Application Integration

Arch AWS Auto Scaling 48 Autoscaling

Autoscaling groups are used to dynamically scale EC2 instances on-demand.

It works on the basis of policies which are called as Scaling Policies.

We configure the minimum, desired and maximum values for the EC2 instances.

Scaling Policy Types
Manual

manually change the desired count of instances

Dynamic
Target tracking

based on rules and thresholds on target instances. e.g. a target value could be the average CPU utilization of your Auto Scaling group.

Step

based on Cloudwatch alarms, you can define different step adjustments based on the breach size of the alarm.

Simple

based on Cloudwatch alarms

Scheduled

Simple scaling policies are similar to step scaling policies, except they’re based on a single scaling adjustment, with a cooldown period between each scaling activity.

Instance warm-up

For step scaling, you can optionally specify the number of seconds that it takes for a newly launched instance to warm up. Until its specified warm-up time has expired, an instance is not counted toward the aggregated EC2 instance metrics of the Auto Scaling group.

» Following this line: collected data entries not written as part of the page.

Lemma gsd_propB : propB (gsd X).
Proof.
move=> c gs c_chain c_gs_chain.
have [->|c_ne] := eqVneq c set0; first by exists 1 => C; rewrite inE.
have [_ _ sd_trans] := sd_poset (gpos X).
have /chainbP c_total := c_chain.
have [M Mc M_max] := total_set_max sd_trans c_total c_ne.
exists (gs M) => C Cc; apply: val_inj; rewrite !val_gsd; apply: eq_in_imset => x xC.
have CM : val C \subset val M := M_max C Cc.
have xM := subsetP CM x xC.
case/andP: (valP M) => _ M_chain.
have /chainbP gs_total := c_gs_chain.
have := gs_total _ _ (imset_f _ Cc) (imset_f _ Mc).
rewrite /total /= !val_gsd => /orP[/subsetP CM_sub | /subsetP MC_sub].
  by apply: gact_in_chain_image M_chain xM _; apply/CM_sub/imset_f.
apply/esym/(gact_in_chain_image M_chain xM).
by apply: (subsetP (imsetS _ CM)); apply/MC_sub/imset_f.
Qed.

End GPosets.

Arguments orbit_of {gT X} x.

Section QuotientOfSubdivision.
Variables (gT : finGroupType) (Y : gposet gT).
Hypothesis Y_Gposet : is_Gposet Y.

Definition orbit_chain (C : gcar (gsd Y)) : {set pcar (quot Y)} := orbit_of @: val C.

(* The union over the whole orbit avoids choosing a representative chain. *)
Definition quot_chain (A : pcar (quot (gsd Y))) : {set pcar (quot Y)} :=
  \bigcup_(C in val A) orbit_chain C.

Lemma orbit_chain_gact C g : orbit_chain (gact C g) = orbit_chain C.
Proof.
rewrite /orbit_chain val_gsd // -imset_comp.
by apply: eq_imset => x; apply: orbit_of_gact.
Qed.

Lemma quot_chain_orbit_of C : quot_chain (orbit_of C) = orbit_chain C.
Proof.
apply/setP => A; apply/bigcupP/idP => [[D /gorbitP[g ->]]|AC].
  by rewrite orbit_chain_gact.
by exists C => //; apply/gorbitP; exists 1; rewrite gact1 //; apply: gsd_Gposet.
Qed.

Lemma quot_chain_subproof A : (quot_chain A != set0) && chainb (quot_chain A).
Proof.
have [C ->] := orbit_of_surj A; rewrite quot_chain_orbit_of.
exact: sd_imset_subproof C (le_orbit_of Y_Gposet).
Qed.

Definition quot_chain_sd (A : pcar (quot (gsd Y))) : pcar (sd (quot Y)) :=
  Sub (quot_chain A) (quot_chain_subproof A).

Lemma quot_chain_sd_surj S : exists A, quot_chain_sd A = S.
Proof.
case/andP: (valP S) => S_ne S_chain.
have [C C_chain C_S] := lift_quot_chain Y_Gposet S_chain.
have C_sd : (C != set0) && chainb C by rewrite C_chain andbT -(imset_eq0 orbit_of) C_S.
exists (orbit_of (Sub C C_sd : gcar (gsd Y))); apply: val_inj.
by rewrite SubK quot_chain_orbit_of /orbit_chain SubK.
Qed.

Hypothesis Y_propB : propB Y.

Lemma orbit_chain_subset C D :
  orbit_chain C \subset orbit_chain D -> exists g, val (gact C g) \subset val D.
Proof.
move=> /subsetP CD.
pose gs x := odflt 1 [pick g | gact x g \in val D].
have gsD x : x \in val C -> gact x (gs x) \in val D.
  move=> xC; have /imsetP[y yD /(orbit_of_eq Y_Gposet)[g y_xg]] := CD _ (imset_f orbit_of xC).
  by rewrite /gs; case: pickP => [//|/(_ g)]; rewrite -y_xg yD.
case/andP: (valP C) => _ C_chain; case/andP: (valP D) => _ D_chain.
have gs_chain : chainb [set gact x (gs x) | x in val C].
  by apply: chainb_subset D_chain _; apply/subsetP => _ /imsetP[x xC ->]; apply: gsD.
have [g gs_g] := Y_propB C_chain gs_chain.
exists g; rewrite val_gsd //; apply/subsetP => _ /imsetP[x xC ->].
by rewrite -gs_g // gsD.
Qed.

Lemma le_quot_chain_sd A B : ple A B = ple (quot_chain_sd A) (quot_chain_sd B).
Proof.
have [C ->] := orbit_of_surj A; have [D ->] := orbit_of_surj B.
rewrite [in RHS]/= !quot_chain_orbit_of; apply/idP/idP.
  case/(le_orbit_ofP (gsd_Gposet Y_Gposet)) => g CgD.
  by rewrite -(orbit_chain_gact C g); apply: imsetS.
by case/orbit_chain_subset => g CgD; apply/(le_orbit_ofP (gsd_Gposet Y_Gposet)); exists g.
Qed.

Lemma quot_gsd_iso : poset_iso (quot (gsd Y)) (sd (quot Y)).
Proof.
have [sd_refl _ _] := sd_poset (quot Y).
exact: embedding_iso (quot_anti (gsd_Gposet Y_Gposet)) sd_refl le_quot_chain_sd
  quot_chain_sd_surj.
Qed.

End QuotientOfSubdivision.

Lemma iter_gsd_Gposet gT (X : gposet gT) n : is_Gposet X -> is_Gposet (iter n (@gsd gT) X).
Proof. by move=> X_Gposet; elim: n => //= n; apply: gsd_Gposet. Qed.

Theorem corollary2p10 (gT : finGroupType) (X : gposet gT) :
  is_Gposet X ->
  (forall n : nat, 1 <= n ->
     poset_iso (quot (iter n (@gsd gT) X)) (iter n.-1 sd (quot (gsd X)))) /\
  (propB X -> forall n : nat,
     poset_iso (quot (iter n (@gsd gT) X)) (iter n sd (quot X))).
Proof.
move=> X_Gposet.
have iso_quot_iter m :
    poset_iso (quot (iter m.+1 (@gsd gT) X)) (iter m sd (quot (gsd X))).
  elim: m => [|m IHm]; first exact: iso_refl.
  have Xm_Gposet := iter_gsd_Gposet m X_Gposet.
  apply: iso_trans (iso_sd IHm).
  exact: quot_gsd_iso (gsd_Gposet Xm_Gposet) (gsd_propB Xm_Gposet).
split; first by case=> [//|m] _; apply: iso_quot_iter.
move=> X_propB [|m]; first exact: iso_refl.
apply: iso_trans (iso_quot_iter m) _; rewrite iterSr.
exact/iter_sd_iso/quot_gsd_iso.
Qed.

Auto Healing is a feature of ASG that automatically replaces unhealthy EC2 instances with new ones.

Launch templates need to be configured for the EC2 instances.

Cooldown periods

Amazon EC2 Auto Scaling cooldown periods help you prevent Auto Scaling groups from launching or terminating additional instances before the effects of previous activities are apparent.

Arch Elastic Load Balancing 48 Elastic Load Balancers

Also refer to this.

ELBs can forward traffic to more than 1 AZ.

Listener is a rule on the basis of which traffic is routed.

Target group is a set of instances. It can be a set of EC2 instances, IP Addresses, Lambda functions or other ALBs

Load Balancers can be either Private or Public.

Rules can be based on:

  • Host Header

  • Path

  • HTTP Method

  • Source IP

  • HTTP Header

  • Query String

ELBs can integrate with EC2, ECS, Lambda, WAF, Route 53 and autoscaling groups.

Deregistration delay

By default, Elastic Load Balancing waits 300 seconds before the completion of the deregistration process, which can help in-flight requests to the target become complete. To change the amount of time that Elastic Load Balancing waits, update the deregistration delay value.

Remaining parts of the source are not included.